Isoniazid (INH) - bacteriocidal, good CNS coverage, can be used during pregnancy; passes through placenta and into breast milk
97
What does INH do?
Inhibits synthesis of mycolic acid, a major component of bacterial cell wall
98
What toxicity can INH cause?
Hepatitis, neuropathy
99
What does Rifampin do for TB?
Bacteriocidal, shortens treatment length (6-9 months w/, 18-24 w/out); can be used in pregnancy, good CNS coverage
100
How does Rifampin work?
Inhibits DNA-dependent RNA polymerase in susceptible strains of bacteria
101
What are side effects of Rifampin?
GI upset, Can cause cholestatic jaundice, Skin rash, Thrombocytopenia (rare); major drug-drug reaction
102
What's the super weird thing about Rifampin?
Turns pee orange!
103
What is the drug-drug reaction of Rifampin?
Induces CYP450 - affects protease inhibitors (used in HIV)
104
What does Pyrazinamide (PZA) do for TB?
Main role in sensitive disease is to reduce length of treatment from 9 months to 6 months; NOTE: do not use in pregnancy
105
What are the side effects of PZA?
Hyperuricemia - may cause gout (in which case STOP), hepatic toxicity
106
What does Ethambutol (ETB) do in TB?
Prevention of resistance
107
What is the toxicity associated w/ ETB?
Retrobulbar neuritis - red-green color blindness, blurred vision; do regular vision checks
108
What is New Delhi Metallo-Beta Lactamase-1 (NDM-1)?
a transmissible genetic element (plasmid with integrons) encoding multiple antibiotic resistance genes including carbapenems, beta-lactams, macrolides, quinolones, rifampin - and spreading to lots of different bacteria!
109
What is the key example of cross-resistance?
Methicillin resistance confers resistance to all beta-lactams, penicillins and cephalosporins (PBP-2a)
110
What can be causes of cross-resistance?
Drug efflux pumps or overlapping targets
111
Why is transfer of efflux pump resistance not easy to do?

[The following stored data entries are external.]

Lemma form3_case : b != 0 -> g != 0 -> d != e -> form3 M a b g.
Proof.
move=> b_neq0 g_neq0 d_neq_e; have bg := bg_eq_Nsqr_c b_neq0 g_neq0 d_neq_e.
have fc := f_eq_c b_neq0 g_neq0; subst f.
have c_neq0 : c != 0 by rewrite -sqrf_eq0 -oppr_eq0 -bg mulf_neq0.
have ed : e = - d.
  by apply: (mulfI (expf_neq0 2 c_neq0)); apply: (eq_by_lincomb2 (-1) e y12 bg); ring.
subst e.
have i1 : a ^+ 2 + d ^+ 2 = c * (a + h).
  by apply: (mulfI c_neq0); apply: (eq_by_lincomb2 1 (- h) y11 bg); ring.
have i2 : d ^+ 2 + a * c = a ^+ 2 + c * h by have := mulfI b_neq0 y03; rewrite sqrrN.
have i3 : c * (a + h) = h ^+ 2 + d ^+ 2.
  by apply: (mulfI c_neq0); apply: (eq_by_lincomb2 1 a y33 bg); ring.
have i4 : h ^+ 2 + a * c = d ^+ 2 + c * h := mulfI b_neq0 y17.
have a_ac : a * (a - c) = 0.
  by apply: (mulfI two_neq0); rewrite mulr0; apply: (eq_by_lincomb2 1 (-1) i1 i2); ring.
have d2 : d ^+ 2 = a * c.
  by apply: (mulfI two_neq0); apply: (eq_by_lincomb2 (-1) (-1) i3 i4); ring.
have h_hc : h * (h - c) = 0.
  by apply: (mulfI two_neq0); rewrite mulr0; apply: (eq_by_lincomb2 (-1) 1 i3 i4); ring.
have d_neq0 : d != 0 by apply: contra_neq d_neq_e => ->; rewrite oppr0.
have a_neq0 : a != 0.
  by apply: contra_neq d_neq0 => a0; apply/eqP; rewrite -sqrf_eq0 d2 a0 mul0r.
move/eqP: a_ac; rewrite mulf_eq0 (negbTE a_neq0) subr_eq0 => /eqP ac; subst c.
have h_neq0 : h != 0.
  apply: contra_neq d_neq0 => h0; apply/eqP; rewrite -sqrf_eq0; apply/eqP.
  by apply: (eq_by_lincomb1 1 i2); rewrite h0; ring.
move/eqP: h_hc; rewrite mulf_eq0 (negbTE h_neq0) subr_eq0 => /eqP ha; subst h.
have /orP[/eqP da | /eqP da] : (d == a) || (d == - a) by rewrite -eqf_sqr d2 expr2.
all: subst d; move: (r11); rewrite ?rmorphN /= ?mulrNN => r11'.
all: have aa : a * a^* = 2^-1 by apply: (eq_by_lincomb1 (2^-1 : C) r11'); field.
all: have bb : b * b^* = 2^-1 by apply: (eq_by_lincomb2 1 (-1) r00 aa); field.
all: have gg : g * g^* = 2^-1 by apply: (eq_by_lincomb2 1 (-1) r33 aa); field.
- exists 1; split; first by left.
  by rewrite mul1r mulN1r; do !split=> //; apply: normC_invsqrt2.
- exists (-1); split; first by right.
  by rewrite mulN1r !opprK mul1r; do !split=> //; apply: normC_invsqrt2.
Qed.

Lemma eight_vertex_classification : entangling M ->
  form1 M a d e h \/ form2 M b c g \/ form3 M a b g \/ form4 M a b c d g h.
Proof.
move=> entM; have [bg0 | ] := boolP ((b == 0) || (g == 0)).
  have [b0 g0] : b = 0 /\ g = 0.
    by apply: corner_eq0; case/orP: bg0 => /eqP; [left | right].
  have [c0 | c_neq0] := eqVneq c 0; first by left; apply: diagonal_form1.
  case: (diagonal_scalar b0 g0 c_neq0) => ac d0 e0 fc hc.
  by move: entM; rewrite b0 g0 ac d0 e0 fc hc => /scalar_not_entangling.
rewrite negb_or => /andP[b_neq0 g_neq0].
have [de | d_neq_e] := eqVneq d e; last by right; right; left; exact: form3_case.
have [d0 | d_neq0] := eqVneq d 0.
  by right; left; apply: form2_case; rewrite // -de.
by right; right; right; exact: form4_case b_neq0 g_neq0 (esym de) d_neq0.
Qed.

End Classification.

Theorem mainTheorem2 (R : realType) :
  (* classification *)
  (forall a b c d e f g h : R[i],
     let M := mx4 [:: a; 0; 0; b] [:: 0; c; d; 0] [:: 0; e; f; 0] [:: g; 0; 0; h] in
     unitary M -> braided_YBE M -> entangling M ->
     (* form 1 *)
     (M = mx4 [:: a; 0; 0; 0] [:: 0; 0; d; 0] [:: 0; e; 0; 0] [:: 0; 0; 0; h] /\
      `|a| = 1 /\ `|d| = 1 /\ `|e| = 1 /\ `|h| = 1)
     \/
     (* form 2 *)
     (M = mx4 [:: 0; 0; 0; b] [:: 0; c; 0; 0] [:: 0; 0; c; 0] [:: g; 0; 0; 0] /\
      `|b| = 1 /\ `|c| = 1 /\ `|g| = 1)
     \/
     (* form 3 *)
     (exists s : R[i], (s = 1 \/ s = -1) /\
      M = mx4 [:: a; 0; 0; b] [:: 0; a; s * a; 0] [:: 0; - s * a; a; 0] [:: g; 0; 0; a] /\
      b * g = - a ^+ 2 /\
      `|a| = (sqrtC 2)^-1 /\ `|b| = (sqrtC 2)^-1 /\ `|g| = (sqrtC 2)^-1)
     \/
     (* form 4 *)
     (M = mx4 [:: a; 0; 0; b] [:: 0; c; d; 0] [:: 0; d; c; 0] [:: g; 0; 0; h] /\
      (a != 0 /\ b != 0 /\ c != 0 /\ d != 0 /\ g != 0 /\ h != 0) /\
      a ^+ 2 - d ^+ 2 = d ^+ 2 - h ^+ 2 /\ d ^+ 2 - h ^+ 2 = a * c - h * c /\
      a ^+ 2 + h ^+ 2 = 2 * d ^+ 2 /\ b * g = c ^+ 2 /\
      a * a^* + b * b^* = 1 /\ c * c^* + d * d^* = 1 /\ g * g^* + h * h^* = 1 /\
      a * g^* + b * h^* = 0 /\ c * d^* + d * c^* = 0))
  /\
  (* form 1 matrices: unitary YBE solutions, entangling iff ah <> de *)
  (forall a d e h : R[i],
     `|a| = 1 -> `|d| = 1 -> `|e| = 1 -> `|h| = 1 ->
     let M := mx4 [:: a; 0; 0; 0] [:: 0; 0; d; 0] [:: 0; e; 0; 0] [:: 0; 0; 0; h] in
     unitary M /\ braided_YBE M /\ (entangling M <-> a * h != d * e))
  /\
  (* form 2 matrices: unitary YBE solutions, entangling iff bg <> c^2 *)
  (forall b c g : R[i],
     `|b| = 1 -> `|c| = 1 -> `|g| = 1 ->
     let M := mx4 [:: 0; 0; 0; b] [:: 0; c; 0; 0] [:: 0; 0; c; 0] [:: g; 0; 0; 0] in
     unitary M /\ braided_YBE M /\ (entangling M <-> b * g != c ^+ 2))
  /\
  (* form 3 matrices are always entangling *)
  (forall a b g s : R[i], (s = 1 \/ s = -1) ->
     b * g = - a ^+ 2 ->
     `|a| = (sqrtC 2)^-1 -> `|b| = (sqrtC 2)^-1 -> `|g| = (sqrtC 2)^-1 ->
     entangling (mx4 [:: a; 0; 0; b] [:: 0; a; s * a; 0] [:: 0; - s * a; a; 0] [:: g; 0; 0; a]))
  /\
  (* form 4 matrices are always entangling *)
  (forall a b c d g h : R[i],
     (a != 0 /\ b != 0 /\ c != 0 /\ d != 0 /\ g != 0 /\ h != 0) ->
     a ^+ 2 - d ^+ 2 = d ^+ 2 - h ^+ 2 -> d ^+ 2 - h ^+ 2 = a * c - h * c ->
     a ^+ 2 + h ^+ 2 = 2 * d ^+ 2 -> b * g = c ^+ 2 ->
     a * a^* + b * b^* = 1 -> c * c^* + d * d^* = 1 -> g * g^* + h * h^* = 1 ->
     a * g^* + b * h^* = 0 -> c * d^* + d * c^* = 0 ->
     entangling (mx4 [:: a; 0; 0; b] [:: 0; c; d; 0] [:: 0; d; c; 0] [:: g; 0; 0; h])).
Proof.
have neq0 (x : R[i]) : `|x| = (sqrtC 2)^-1 -> x != 0.
  by move=> xn; rewrite -normr_eq0 xn invr_eq0 sqrtC_eq0 pnatr_eq0.
split.
  by move=> a b c d e f g h M; exact: (@eight_vertex_classification R a b c d e f g h).
split.
  move=> a d e h Ha Hd He Hh M; split; first exact: unitary_form1.
  by split; [exact: braided_YBE_form1 | exact: entangling_form1].
split.
  move=> b c g Hb Hc Hg M; split; first exact: unitary_form2.
  by split; [exact: braided_YBE_form2 | exact: entangling_form2].
split.
  move=> a b g s _ _ Ha _ Hg.
  apply: (@entangling_eight_vertex_corner R a b a (s * a) (- s * a) a g a).
  by rewrite mulf_neq0 ?neq0.
move=> a b c d g h [a_neq0 [_ [_ [_ [g_neq0 _]]]]] *.
by apply: (@entangling_eight_vertex_corner R a b c d d c g h); rewrite mulf_neq0.
Qed.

complex genetic machinery needed for the pump to be functional
112
Which antibiotics are routinely used in animal feed?
Macrolides, tetracyclines, glycopeptides
113
How can we control the spread of antimicrobial resistance?
1. Eliminate the use of antimicrobials in animal feed; 2. Restrict use of antibiotics for inappropriate indications; 3. Antibiotic restriction in hospital settings; 4. Enforce infection control policies; 5. tax antibiotics?